• **Your goal**
Lines from the one containing "have iR : i \in hit_rows." through the end of the data are to be returned exactly, and no others.
### Data records
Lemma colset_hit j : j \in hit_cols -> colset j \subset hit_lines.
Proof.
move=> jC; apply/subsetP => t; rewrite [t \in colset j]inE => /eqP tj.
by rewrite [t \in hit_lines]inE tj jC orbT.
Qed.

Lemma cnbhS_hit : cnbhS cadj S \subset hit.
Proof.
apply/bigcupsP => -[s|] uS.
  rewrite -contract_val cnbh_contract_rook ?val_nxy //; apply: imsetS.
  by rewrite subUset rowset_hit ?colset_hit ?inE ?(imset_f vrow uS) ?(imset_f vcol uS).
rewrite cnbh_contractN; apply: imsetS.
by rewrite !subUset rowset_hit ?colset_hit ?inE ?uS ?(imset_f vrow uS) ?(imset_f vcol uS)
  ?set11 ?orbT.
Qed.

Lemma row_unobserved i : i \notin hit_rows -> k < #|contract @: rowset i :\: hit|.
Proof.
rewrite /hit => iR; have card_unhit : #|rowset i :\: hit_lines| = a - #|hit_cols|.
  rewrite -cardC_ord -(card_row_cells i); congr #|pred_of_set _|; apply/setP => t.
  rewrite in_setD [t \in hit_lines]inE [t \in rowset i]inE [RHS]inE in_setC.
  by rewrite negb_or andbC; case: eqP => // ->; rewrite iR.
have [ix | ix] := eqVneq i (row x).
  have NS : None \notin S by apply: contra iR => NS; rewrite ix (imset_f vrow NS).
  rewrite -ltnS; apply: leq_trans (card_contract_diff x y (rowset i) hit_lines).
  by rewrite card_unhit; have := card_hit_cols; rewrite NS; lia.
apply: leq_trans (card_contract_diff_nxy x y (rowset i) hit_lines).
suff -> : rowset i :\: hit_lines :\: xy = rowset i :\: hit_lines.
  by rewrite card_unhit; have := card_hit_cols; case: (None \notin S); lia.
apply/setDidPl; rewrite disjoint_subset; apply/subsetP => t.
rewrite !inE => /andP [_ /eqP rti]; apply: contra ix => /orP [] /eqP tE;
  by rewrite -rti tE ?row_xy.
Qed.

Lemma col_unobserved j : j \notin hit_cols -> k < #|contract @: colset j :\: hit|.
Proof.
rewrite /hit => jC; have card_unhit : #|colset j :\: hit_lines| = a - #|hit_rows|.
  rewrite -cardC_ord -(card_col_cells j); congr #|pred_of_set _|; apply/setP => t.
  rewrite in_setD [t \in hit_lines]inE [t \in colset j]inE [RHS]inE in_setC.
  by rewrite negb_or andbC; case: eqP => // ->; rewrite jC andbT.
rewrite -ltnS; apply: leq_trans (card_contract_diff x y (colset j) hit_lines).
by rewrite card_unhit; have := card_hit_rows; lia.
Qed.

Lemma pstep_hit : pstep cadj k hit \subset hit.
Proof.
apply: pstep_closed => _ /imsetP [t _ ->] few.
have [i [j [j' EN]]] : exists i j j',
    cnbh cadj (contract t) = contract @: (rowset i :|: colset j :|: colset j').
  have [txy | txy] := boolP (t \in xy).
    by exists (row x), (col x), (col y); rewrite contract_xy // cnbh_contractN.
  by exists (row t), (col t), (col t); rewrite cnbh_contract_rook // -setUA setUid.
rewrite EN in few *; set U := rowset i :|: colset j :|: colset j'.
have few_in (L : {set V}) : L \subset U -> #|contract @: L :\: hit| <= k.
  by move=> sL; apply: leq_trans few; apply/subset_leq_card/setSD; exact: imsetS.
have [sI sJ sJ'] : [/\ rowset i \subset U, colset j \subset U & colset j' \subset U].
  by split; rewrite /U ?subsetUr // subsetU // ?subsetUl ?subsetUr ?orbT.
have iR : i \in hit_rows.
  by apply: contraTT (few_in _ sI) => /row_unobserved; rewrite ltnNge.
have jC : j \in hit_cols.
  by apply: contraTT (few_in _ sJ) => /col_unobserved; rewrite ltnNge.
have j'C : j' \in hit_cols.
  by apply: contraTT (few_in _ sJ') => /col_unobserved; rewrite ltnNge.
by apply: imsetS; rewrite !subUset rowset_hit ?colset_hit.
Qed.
######
• **Output below**
have iR : i \in hit_rows.
  by apply: contraTT (few_in _ sI) => /row_unobserved; rewrite ltnNge.
have jC : j \in hit_cols.
  by apply: contraTT (few_in _ sJ) => /col_unobserved; rewrite ltnNge.
have j'C : j' \in hit_cols.
  by apply: contraTT (few_in _ sJ') => /col_unobserved; rewrite ltnNge.
by apply: imsetS; rewrite !subUset rowset_hit ?colset_hit.
Qed.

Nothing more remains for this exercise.